Freedom Corner on the Newtownards Road in east Belfast comprised of four murals and are some of the most instantly recognisable in Northern Ireland
Freedom Corner on the Newtownards Road in east Belfast comprised of four murals and are some of the most instantly recognisable in Northern Ireland

The three main loyalist paramilitary organisations in Northern Ireland have issued a declaration denouncing criminality and pledging to make a “meaningful contribution” to improving the lot of their communities.

As part of the initiative, the Ulster Defence Association (UDA), the Ulster Volunteer Force (UVF) and the Red Hand Commando are supporting the formation of a “Loyalist Communities Council” to help deliver the goals.

It will focus on “law abiding responses to criminality”, as well as addressing loyalist “disenfranchisement” from the political process and increasing educational standards in loyalist communities.

“We eschew all violence and criminality,” said the joint declaration. “If there are those who attempt to use current or past associations with our organisations to further criminality they will be disowned and should be aware that they will not be permitted to use the cover of loyalism.”

Tony Blair’s former chief of staff Jonathan Powell and Ukip MLA David McNarry have been involved in efforts to facilitate the loyalist move.

It comes amid a political crisis at Stormont prompted by a police assessment that structures of the Provisional IRA still exist and some of its members were involved in a murder in Belfast.

While the main loyalist paramilitary organisations called a ceasefire over 20 years ago, the outlawed armed groups continue to exist.

While no longer engaged in direct conflict with republican paramilitaries, feuds and turf wars among rival loyalist factions have led to numerous murders in the intervening decades.
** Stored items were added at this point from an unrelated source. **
(* Consider any concurrent run of the Block-STM algorithm (described in the context) on a block of $n$ transactions $tx_0,\dots,tx_{n-1}$. At any time $T$ at which all transactions $tx_0,\dots,tx_{n-1}$ are globally committed, the following hold. (i) The set of memory locations $p$ such that the multi-version map $\mathit{data}$ contains some entry $(p,j)$ is exactly the set of locations written in the sequential run of $tx_0,\dots,tx_{n-1}$. (ii) For every such location $p$, $\mathtt{read}(p, n)$ returns status $\mathtt{OK}$ with a value equal to the content of $p$ at the end of the sequential run.
   Context: Model: threads perform atomic operations that appear to take place in a single global order; a ''time'' is a point in this order. Locks protect per-transaction status and dependency sets. Problem. A block is a sequence of transactions $tx_0,\dots,tx_{n-1}$ ($n=\mathtt{BLOCK.size()}$). Each transaction is a deterministic program that reads and writes memory locations. The sequential run executes $tx_0$ to completion on the initial storage, applies its writes, then $tx_1$, and so on. Shared state. MVMemory: a map $\mathit{data}$ from pairs $(\text{location}, \text{txn index})$ to either a pair (incarnation number, value) or a special marker ESTIMATE; arrays $\mathit{last\_written\_locations}[j]$ (set of locations) and $\mathit{last\_read\_set}[j]$ (set of (location, version) pairs), each loaded/stored atomically. A version is a pair $(j,i)$ (transaction index, incarnation number). Scheduler: atomic counters $\mathit{execution\_idx}=0$, $\mathit{validation\_idx}=0$, $\mathit{decrease\_cnt}=0$, $\mathit{num\_active\_tasks}=0$, flag $\mathit{done\_marker}=$false; per transaction $j$ a lock-protected $\mathit{txn\_status}[j]=(\text{incarnation}, \text{status})$, initially $(0,\mathtt{READY\_TO\_EXECUTE})$, status $\in\{\mathtt{READY\_TO\_EXECUTE},\mathtt{EXECUTING},\mathtt{EXECUTED},\mathtt{ABORTING}\}$; and a lock-protected dependency set $\mathit{txn\_dependency}[j]$, initially empty. MVMemory operations. $\mathtt{read}(p,j)$: among entries $(p,k)$ with $k<j$ take the largest $k$; if none, return NOT_FOUND; if that entry is ESTIMATE return READ_ERROR with blocking index $k$; else return OK with version $(k,\text{incarnation})$ and the value. $\mathtt{record}((j,i),R,W)$: set $\mathit{data}[(p,j)]:=(i,v)$ for each $(p,v)\in W$; remove entries $(p,j)$ for $p$ in the old $\mathit{last\_written\_locations}[j]$ but not written in $W$; store the new location set; store $\mathit{last\_read\_set}[j]:=R$; return whether $W$ wrote a location not in the old set. $\mathtt{convert\_writes\_to\_estimates}(j)$: set $\mathit{data}[(p,j)]:=$ESTIMATE for all $p\in \mathit{last\_written\_locations}[j]$. $\mathtt{validate\_read\_set}(j)$: for each $(p,v)\in\mathit{last\_read\_set}[j]$ redo $\mathtt{read}(p,j)$; return false if it gives READ_ERROR, or NOT_FOUND while $v\neq\bot$, or OK with a version $\neq v$ (including when $v=\bot$); else true. VM.execute($j$): runs $tx_j$ locally, collecting a write-set (last value per location); a read of a location already in the write-set returns that value; otherwise it calls $\mathtt{read}(p,j)$: on NOT_FOUND it reads initial storage and records $(p,\bot)$ in the read-set; on OK it uses the value and records $(p,\text{version})$; on READ_ERROR it stops and returns READ_ERROR with the blocking index. It never writes shared memory. Scheduler. $\mathtt{decrease\_execution\_idx}(t)$ / $\mathtt{decrease\_validation\_idx}(t)$: atomically set the index to $\min(\text{index},t)$, then increment $\mathit{decrease\_cnt}$. $\mathtt{try\_incarnate}(k)$: if $k<n$ and, under lock, status of $tx_k$ is $\mathtt{READY\_TO\_EXECUTE}$ with incarnation $i$, set it to $\mathtt{EXECUTING}$ and return $(k,i)$; otherwise decrement $\mathit{num\_active\_tasks}$ and return none. $\mathtt{next\_task}$: if $\mathit{validation\_idx}<\mathit{execution\_idx}$: if $\mathit{validation\_idx}\ge n$ call check_done and return none; else increment $\mathit{num\_active\_tasks}$, fetch-and-increment $\mathit{validation\_idx}$ obtaining $k$; if $k<n$ and status of $tx_k$ is $\mathtt{EXECUTED}$ with incarnation $i$ return validation task $(k,i)$, else decrement $\mathit{num\_active\_tasks}$ and return none. Otherwise analogously: if $\mathit{execution\_idx}\ge n$ call check_done and return none; else increment $\mathit{num\_active\_tasks}$, fetch-and-increment $\mathit{execution\_idx}$ obtaining $k$, return $\mathtt{try\_incarnate}(k)$ as an execution task. $\mathtt{check\_done}$: read $c:=\mathit{decrease\_cnt}$; if $\min(\mathit{execution\_idx},\mathit{validation\_idx})\ge n$ and $\mathit{num\_active\_tasks}=0$ and $\mathit{decrease\_cnt}=c$ (reads in this order), set $\mathit{done\_marker}:=$true. Execution task $(k,i)$: run VM.execute($k$). If READ_ERROR with blocking index $b$: under lock of $\mathit{txn\_dependency}[b]$, if the status of $tx_b$ is $\mathtt{EXECUTED}$ the dependency attempt returns false and the execution task is retried immediately; otherwise set status of $tx_k$ to $\mathtt{ABORTING}$, insert $k$ into $\mathit{txn\_dependency}[b]$, release, decrement $\mathit{num\_active\_tasks}$, no new task. Otherwise call $\mathtt{record}$, obtaining flag $w$, then finish_execution: set status of $tx_k$ to $\mathtt{EXECUTED}$; swap out $\mathit{txn\_dependency}[k]$ for the empty set; for each dependent $d$ set $\mathit{txn\_status}[d]:=(\text{incarnation}+1,\mathtt{READY\_TO\_EXECUTE})$; if nonempty call $\mathtt{decrease\_execution\_idx}$(min dependent). Then if $\mathit{validation\_idx}>k$: if $w$ call $\mathtt{decrease\_validation\_idx}(k)$, else return validation task $(k,i)$ to the caller (leaving $\mathit{num\_active\_tasks}$ unchanged). If no task was returned, decrement $\mathit{num\_active\_tasks}$. Validation task $(k,i)$: compute $\mathtt{validate\_read\_set}(k)$; if false, try to abort: under lock, if $\mathit{txn\_status}[k]=(i,\mathtt{EXECUTED})$ set status to $\mathtt{ABORTING}$ and ''aborted'' is true. If aborted: $\mathtt{convert\_writes\_to\_estimates}(k)$; set $\mathit{txn\_status}[k]:=(i+1,\mathtt{READY\_TO\_EXECUTE})$; $\mathtt{decrease\_validation\_idx}(k+1)$; if $\mathit{execution\_idx}>k$ and $\mathtt{try\_incarnate}(k)$ returns a version, return that execution task to the caller (with $\mathit{num\_active\_tasks}$ unchanged). Otherwise decrement $\mathit{num\_active\_tasks}$. Each thread runs: while $\mathit{done\_marker}$ is false, perform any task in hand (an execution task may yield a validation task and vice versa), else obtain one via next_task. A thread joins when it exits this loop. Intervals. A pre-validation of $tx_j$ starts when a fetch-and-increment of $\mathit{validation\_idx}$ returns $j$, and finishes just before the corresponding decrement of $\mathit{num\_active\_tasks}$ in next_task, or just before the resulting validation task is returned. Execution of version $(j,i)$ starts when status of $tx_j$ is set to $\mathtt{EXECUTING}$ with incarnation $i$; it finishes when it is aborted by the dependency mechanism (status set to $\mathtt{ABORTING}$), or just before the final decrement of $\mathit{num\_active\_tasks}$ in finish_execution, or just before a validation task is returned from it. Validation of $(j,i)$ starts when a validation task $(j,i)$ is handed to a thread, and finishes just before the final decrement of $\mathit{num\_active\_tasks}$ in its finishing step, or just before an execution task is returned from it. Global commit index at time $T$: the minimum of $\mathit{validation\_idx}$, all $j$ whose status is not $\mathtt{EXECUTED}$, all indices with an ongoing pre-validation, and all transaction indices of versions with ongoing execution or validation, at time $T$. Transactions $tx_0,\dots,tx_k$ are globally committed at $T$ if the global commit index at $T$ is strictly greater than $k$. *)

From mathcomp Require Import all_boot ssralg ssrint.
Set Implicit Arguments.
Unset Strict Implicit.
Unset Printing Implicit Defensive.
Some paramilitaries have also continued to be involved in criminality, including extortion, racketeering and drug dealing.

The groups have also been blamed for orchestrating serious public disorder amid disputes related to loyal order parades, flags and the arrest of members over historic Troubles crimes.

The declaration was made on the 21st anniversary of the 1994 loyalist ceasefire. Mr Powell played a key role in the peace process negotiations during the time of the historic Good Friday Agreement of 1998.

Since leaving politics he has headed up a negotiation and mediation charity that works in conflict zones around the world.